**Supplied information:**
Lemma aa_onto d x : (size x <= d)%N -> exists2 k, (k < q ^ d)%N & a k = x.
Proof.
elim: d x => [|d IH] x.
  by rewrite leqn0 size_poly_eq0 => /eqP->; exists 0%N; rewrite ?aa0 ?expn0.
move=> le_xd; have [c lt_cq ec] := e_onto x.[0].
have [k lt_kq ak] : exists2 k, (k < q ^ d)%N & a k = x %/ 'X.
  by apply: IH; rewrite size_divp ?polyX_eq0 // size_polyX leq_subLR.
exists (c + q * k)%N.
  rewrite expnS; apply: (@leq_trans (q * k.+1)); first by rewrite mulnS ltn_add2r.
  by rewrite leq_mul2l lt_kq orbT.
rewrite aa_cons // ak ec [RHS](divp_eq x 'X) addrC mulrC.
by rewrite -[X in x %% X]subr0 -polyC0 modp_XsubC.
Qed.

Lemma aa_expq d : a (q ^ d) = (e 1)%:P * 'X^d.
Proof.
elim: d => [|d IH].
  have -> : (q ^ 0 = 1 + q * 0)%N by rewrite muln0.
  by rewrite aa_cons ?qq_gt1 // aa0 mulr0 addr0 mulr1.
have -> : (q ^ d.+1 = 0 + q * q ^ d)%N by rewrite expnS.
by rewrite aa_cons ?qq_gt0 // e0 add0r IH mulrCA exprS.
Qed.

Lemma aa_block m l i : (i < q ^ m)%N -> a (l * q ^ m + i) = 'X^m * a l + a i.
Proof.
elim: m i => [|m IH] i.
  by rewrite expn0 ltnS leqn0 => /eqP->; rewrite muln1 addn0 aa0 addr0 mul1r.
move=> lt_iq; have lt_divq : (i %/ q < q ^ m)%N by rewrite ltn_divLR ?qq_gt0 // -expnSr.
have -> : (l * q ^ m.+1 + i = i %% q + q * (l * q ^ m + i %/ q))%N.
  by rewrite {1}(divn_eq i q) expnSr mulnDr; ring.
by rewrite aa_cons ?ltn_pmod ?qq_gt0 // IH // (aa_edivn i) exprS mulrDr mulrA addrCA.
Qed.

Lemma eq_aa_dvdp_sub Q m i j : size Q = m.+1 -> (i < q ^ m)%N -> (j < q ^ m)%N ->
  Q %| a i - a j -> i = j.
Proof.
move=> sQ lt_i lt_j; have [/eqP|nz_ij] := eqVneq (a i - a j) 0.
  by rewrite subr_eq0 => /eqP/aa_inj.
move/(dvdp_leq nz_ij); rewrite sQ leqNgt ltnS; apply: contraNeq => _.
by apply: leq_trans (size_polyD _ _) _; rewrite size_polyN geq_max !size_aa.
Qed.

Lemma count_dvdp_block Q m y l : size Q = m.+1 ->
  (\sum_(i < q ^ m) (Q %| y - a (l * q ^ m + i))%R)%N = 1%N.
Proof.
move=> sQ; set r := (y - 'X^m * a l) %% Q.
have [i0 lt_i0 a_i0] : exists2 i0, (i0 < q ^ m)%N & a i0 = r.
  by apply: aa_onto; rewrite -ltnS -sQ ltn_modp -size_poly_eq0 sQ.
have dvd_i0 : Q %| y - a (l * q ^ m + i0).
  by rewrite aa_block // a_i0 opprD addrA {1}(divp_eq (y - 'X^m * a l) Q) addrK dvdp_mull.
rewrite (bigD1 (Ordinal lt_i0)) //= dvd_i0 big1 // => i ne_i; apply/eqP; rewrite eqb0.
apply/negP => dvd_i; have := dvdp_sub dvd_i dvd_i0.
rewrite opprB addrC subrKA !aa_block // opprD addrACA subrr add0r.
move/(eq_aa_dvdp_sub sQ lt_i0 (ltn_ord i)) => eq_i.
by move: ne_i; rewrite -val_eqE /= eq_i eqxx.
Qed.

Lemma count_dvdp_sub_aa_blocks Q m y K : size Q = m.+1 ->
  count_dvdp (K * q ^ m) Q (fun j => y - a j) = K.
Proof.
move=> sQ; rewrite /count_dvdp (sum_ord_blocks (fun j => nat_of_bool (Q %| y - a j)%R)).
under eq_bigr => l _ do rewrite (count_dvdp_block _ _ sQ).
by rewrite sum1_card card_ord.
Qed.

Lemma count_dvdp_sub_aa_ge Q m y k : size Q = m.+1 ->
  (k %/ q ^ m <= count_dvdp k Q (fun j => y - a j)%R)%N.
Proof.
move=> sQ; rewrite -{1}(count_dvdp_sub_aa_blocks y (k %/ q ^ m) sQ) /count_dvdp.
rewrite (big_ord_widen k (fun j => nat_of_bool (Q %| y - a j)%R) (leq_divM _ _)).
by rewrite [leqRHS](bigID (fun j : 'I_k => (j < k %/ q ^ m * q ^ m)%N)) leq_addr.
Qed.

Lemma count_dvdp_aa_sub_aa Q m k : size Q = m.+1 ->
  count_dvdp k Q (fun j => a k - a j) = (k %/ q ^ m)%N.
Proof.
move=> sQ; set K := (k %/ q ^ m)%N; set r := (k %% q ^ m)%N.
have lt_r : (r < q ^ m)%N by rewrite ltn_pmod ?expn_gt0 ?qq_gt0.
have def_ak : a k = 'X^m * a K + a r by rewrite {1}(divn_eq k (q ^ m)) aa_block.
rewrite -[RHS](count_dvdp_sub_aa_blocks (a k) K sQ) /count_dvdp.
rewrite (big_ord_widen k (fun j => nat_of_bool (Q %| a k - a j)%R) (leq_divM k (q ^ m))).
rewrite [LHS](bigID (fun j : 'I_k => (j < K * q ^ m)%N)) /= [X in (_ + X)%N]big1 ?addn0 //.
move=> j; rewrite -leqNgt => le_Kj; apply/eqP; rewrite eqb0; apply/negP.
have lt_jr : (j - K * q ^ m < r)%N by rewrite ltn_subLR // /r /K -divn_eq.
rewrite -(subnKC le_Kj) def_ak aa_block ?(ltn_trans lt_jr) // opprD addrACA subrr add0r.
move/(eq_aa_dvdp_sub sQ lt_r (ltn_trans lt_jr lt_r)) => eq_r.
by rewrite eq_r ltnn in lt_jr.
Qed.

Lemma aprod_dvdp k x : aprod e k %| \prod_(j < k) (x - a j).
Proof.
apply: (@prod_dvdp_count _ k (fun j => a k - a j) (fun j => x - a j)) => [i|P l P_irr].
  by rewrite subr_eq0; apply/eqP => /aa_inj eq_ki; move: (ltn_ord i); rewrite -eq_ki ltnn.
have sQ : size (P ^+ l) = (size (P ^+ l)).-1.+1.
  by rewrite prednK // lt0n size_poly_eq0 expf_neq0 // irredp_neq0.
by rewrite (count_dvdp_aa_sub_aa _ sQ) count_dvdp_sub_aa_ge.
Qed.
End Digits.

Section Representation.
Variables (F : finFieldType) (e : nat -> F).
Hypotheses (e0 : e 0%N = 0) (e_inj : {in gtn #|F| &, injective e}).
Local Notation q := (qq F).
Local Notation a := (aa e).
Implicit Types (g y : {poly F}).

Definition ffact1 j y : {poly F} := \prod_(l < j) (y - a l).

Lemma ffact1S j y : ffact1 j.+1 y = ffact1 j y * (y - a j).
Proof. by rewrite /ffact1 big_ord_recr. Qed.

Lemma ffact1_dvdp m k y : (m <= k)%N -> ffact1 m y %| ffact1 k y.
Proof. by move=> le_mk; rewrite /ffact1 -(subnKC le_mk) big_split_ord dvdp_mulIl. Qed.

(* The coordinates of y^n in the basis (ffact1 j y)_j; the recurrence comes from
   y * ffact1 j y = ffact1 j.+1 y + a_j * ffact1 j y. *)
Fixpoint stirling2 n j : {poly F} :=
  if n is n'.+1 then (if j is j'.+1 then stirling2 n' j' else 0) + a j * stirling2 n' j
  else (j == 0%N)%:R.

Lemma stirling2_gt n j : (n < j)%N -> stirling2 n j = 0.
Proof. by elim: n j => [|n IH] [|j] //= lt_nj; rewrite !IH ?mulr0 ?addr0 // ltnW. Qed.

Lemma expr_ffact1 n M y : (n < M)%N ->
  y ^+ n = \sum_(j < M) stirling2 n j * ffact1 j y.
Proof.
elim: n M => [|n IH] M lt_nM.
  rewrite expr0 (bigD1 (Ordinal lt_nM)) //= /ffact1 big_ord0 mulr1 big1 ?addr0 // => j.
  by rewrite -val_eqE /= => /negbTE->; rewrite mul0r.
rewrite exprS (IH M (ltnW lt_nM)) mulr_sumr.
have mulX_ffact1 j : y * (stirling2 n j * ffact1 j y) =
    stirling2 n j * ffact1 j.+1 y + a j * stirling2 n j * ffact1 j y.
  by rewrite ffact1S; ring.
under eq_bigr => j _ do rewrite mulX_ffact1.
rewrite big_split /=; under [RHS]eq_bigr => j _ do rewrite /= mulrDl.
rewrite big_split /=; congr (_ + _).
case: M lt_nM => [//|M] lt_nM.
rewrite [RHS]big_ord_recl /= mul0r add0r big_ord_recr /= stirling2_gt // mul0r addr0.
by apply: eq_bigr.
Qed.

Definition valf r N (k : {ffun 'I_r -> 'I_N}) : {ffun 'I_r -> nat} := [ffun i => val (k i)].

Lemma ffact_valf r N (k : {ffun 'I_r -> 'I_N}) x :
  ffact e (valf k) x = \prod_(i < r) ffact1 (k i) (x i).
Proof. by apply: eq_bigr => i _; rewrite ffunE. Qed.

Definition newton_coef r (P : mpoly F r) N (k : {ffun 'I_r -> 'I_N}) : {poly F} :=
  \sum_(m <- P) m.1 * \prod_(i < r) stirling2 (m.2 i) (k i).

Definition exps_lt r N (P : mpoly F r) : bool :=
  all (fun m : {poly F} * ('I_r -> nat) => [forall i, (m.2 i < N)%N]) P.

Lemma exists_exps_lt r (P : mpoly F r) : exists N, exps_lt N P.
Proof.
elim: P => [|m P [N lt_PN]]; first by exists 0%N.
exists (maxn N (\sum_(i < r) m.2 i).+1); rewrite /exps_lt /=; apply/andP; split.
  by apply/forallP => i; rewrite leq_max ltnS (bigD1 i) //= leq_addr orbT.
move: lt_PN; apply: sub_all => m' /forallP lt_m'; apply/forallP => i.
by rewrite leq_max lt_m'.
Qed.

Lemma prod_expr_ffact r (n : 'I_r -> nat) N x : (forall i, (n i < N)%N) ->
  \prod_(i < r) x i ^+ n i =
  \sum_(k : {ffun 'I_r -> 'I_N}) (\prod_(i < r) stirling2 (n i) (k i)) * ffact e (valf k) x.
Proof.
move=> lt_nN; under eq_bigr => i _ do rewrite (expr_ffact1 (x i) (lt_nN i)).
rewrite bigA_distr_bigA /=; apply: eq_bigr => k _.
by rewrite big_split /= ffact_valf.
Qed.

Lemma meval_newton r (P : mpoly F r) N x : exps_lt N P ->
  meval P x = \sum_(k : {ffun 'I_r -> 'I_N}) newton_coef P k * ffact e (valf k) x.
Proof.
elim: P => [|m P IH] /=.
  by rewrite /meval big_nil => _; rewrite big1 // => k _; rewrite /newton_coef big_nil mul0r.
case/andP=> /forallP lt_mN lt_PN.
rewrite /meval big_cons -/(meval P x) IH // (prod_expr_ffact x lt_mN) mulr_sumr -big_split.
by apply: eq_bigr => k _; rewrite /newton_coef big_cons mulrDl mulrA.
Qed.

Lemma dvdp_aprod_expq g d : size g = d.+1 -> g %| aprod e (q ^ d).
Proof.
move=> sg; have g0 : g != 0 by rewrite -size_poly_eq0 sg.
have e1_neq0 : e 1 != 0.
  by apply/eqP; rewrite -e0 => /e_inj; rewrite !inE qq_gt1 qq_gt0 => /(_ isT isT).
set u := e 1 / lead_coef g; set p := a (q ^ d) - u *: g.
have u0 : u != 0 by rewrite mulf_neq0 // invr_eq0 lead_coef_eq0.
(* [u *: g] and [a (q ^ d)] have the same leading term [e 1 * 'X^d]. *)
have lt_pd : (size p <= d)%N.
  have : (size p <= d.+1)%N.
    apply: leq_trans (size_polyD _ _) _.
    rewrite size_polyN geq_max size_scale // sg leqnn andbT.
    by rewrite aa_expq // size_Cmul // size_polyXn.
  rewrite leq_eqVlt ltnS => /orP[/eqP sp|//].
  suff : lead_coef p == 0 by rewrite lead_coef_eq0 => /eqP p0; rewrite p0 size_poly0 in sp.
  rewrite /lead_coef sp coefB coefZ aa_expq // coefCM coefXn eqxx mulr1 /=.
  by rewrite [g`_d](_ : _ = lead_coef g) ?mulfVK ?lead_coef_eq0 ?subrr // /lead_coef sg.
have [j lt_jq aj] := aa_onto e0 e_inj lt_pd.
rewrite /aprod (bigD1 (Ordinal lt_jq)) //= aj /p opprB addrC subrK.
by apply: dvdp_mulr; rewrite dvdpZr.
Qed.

--

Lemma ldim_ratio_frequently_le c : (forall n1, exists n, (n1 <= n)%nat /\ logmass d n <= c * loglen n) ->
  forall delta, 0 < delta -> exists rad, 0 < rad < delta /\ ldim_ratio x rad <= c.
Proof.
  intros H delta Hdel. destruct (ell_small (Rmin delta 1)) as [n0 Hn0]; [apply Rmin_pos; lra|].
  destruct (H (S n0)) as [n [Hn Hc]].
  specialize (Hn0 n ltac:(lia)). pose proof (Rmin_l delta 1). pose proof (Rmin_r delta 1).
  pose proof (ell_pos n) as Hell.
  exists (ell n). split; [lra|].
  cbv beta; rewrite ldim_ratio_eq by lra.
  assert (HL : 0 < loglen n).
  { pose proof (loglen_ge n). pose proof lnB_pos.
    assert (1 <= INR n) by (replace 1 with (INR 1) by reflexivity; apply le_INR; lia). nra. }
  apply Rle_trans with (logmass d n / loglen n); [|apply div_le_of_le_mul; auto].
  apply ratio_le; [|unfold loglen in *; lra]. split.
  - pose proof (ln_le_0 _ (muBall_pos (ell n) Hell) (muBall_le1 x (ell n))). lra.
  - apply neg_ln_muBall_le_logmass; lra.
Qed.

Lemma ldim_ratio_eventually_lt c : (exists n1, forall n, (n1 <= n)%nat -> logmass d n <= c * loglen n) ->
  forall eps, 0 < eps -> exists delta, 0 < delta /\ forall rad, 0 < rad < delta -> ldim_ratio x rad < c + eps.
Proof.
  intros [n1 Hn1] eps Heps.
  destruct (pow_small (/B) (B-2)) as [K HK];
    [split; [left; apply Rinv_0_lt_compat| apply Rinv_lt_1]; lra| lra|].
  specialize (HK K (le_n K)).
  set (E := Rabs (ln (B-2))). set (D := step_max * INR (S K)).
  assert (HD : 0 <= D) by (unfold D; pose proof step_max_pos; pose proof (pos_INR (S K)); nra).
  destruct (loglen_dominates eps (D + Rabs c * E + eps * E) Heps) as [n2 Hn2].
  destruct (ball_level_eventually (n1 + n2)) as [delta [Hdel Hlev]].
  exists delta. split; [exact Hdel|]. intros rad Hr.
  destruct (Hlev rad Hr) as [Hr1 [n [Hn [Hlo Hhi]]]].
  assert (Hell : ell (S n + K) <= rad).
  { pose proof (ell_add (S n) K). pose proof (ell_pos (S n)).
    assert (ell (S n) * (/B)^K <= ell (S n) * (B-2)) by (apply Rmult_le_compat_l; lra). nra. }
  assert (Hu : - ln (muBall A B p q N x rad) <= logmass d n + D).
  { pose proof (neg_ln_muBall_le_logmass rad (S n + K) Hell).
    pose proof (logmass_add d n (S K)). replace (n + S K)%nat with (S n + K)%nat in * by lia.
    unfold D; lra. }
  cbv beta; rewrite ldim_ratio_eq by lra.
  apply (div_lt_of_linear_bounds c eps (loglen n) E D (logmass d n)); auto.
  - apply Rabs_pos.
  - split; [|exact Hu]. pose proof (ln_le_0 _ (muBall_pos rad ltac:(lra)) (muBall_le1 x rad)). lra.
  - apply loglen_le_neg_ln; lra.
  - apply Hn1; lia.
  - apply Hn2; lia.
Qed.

**Task goal:** Among the records above, repeat exactly the line with "rewrite expr0 (bigD1", the line with "under eq_bigr => j _ do rewrite mulX_ffact1.", and every line in between, and only those.

**Solution for this task:**
  rewrite expr0 (bigD1 (Ordinal lt_nM)) //= /ffact1 big_ord0 mulr1 big1 ?addr0 // => j.
  by rewrite -val_eqE /= => /negbTE->; rewrite mul0r.
rewrite exprS (IH M (ltnW lt_nM)) mulr_sumr.
have mulX_ffact1 j : y * (stirling2 n j * ffact1 j y) =
    stirling2 n j * ffact1 j.+1 y + a j * stirling2 n j * ffact1 j y.
  by rewrite ffact1S; ring.
under eq_bigr => j _ do rewrite mulX_ffact1.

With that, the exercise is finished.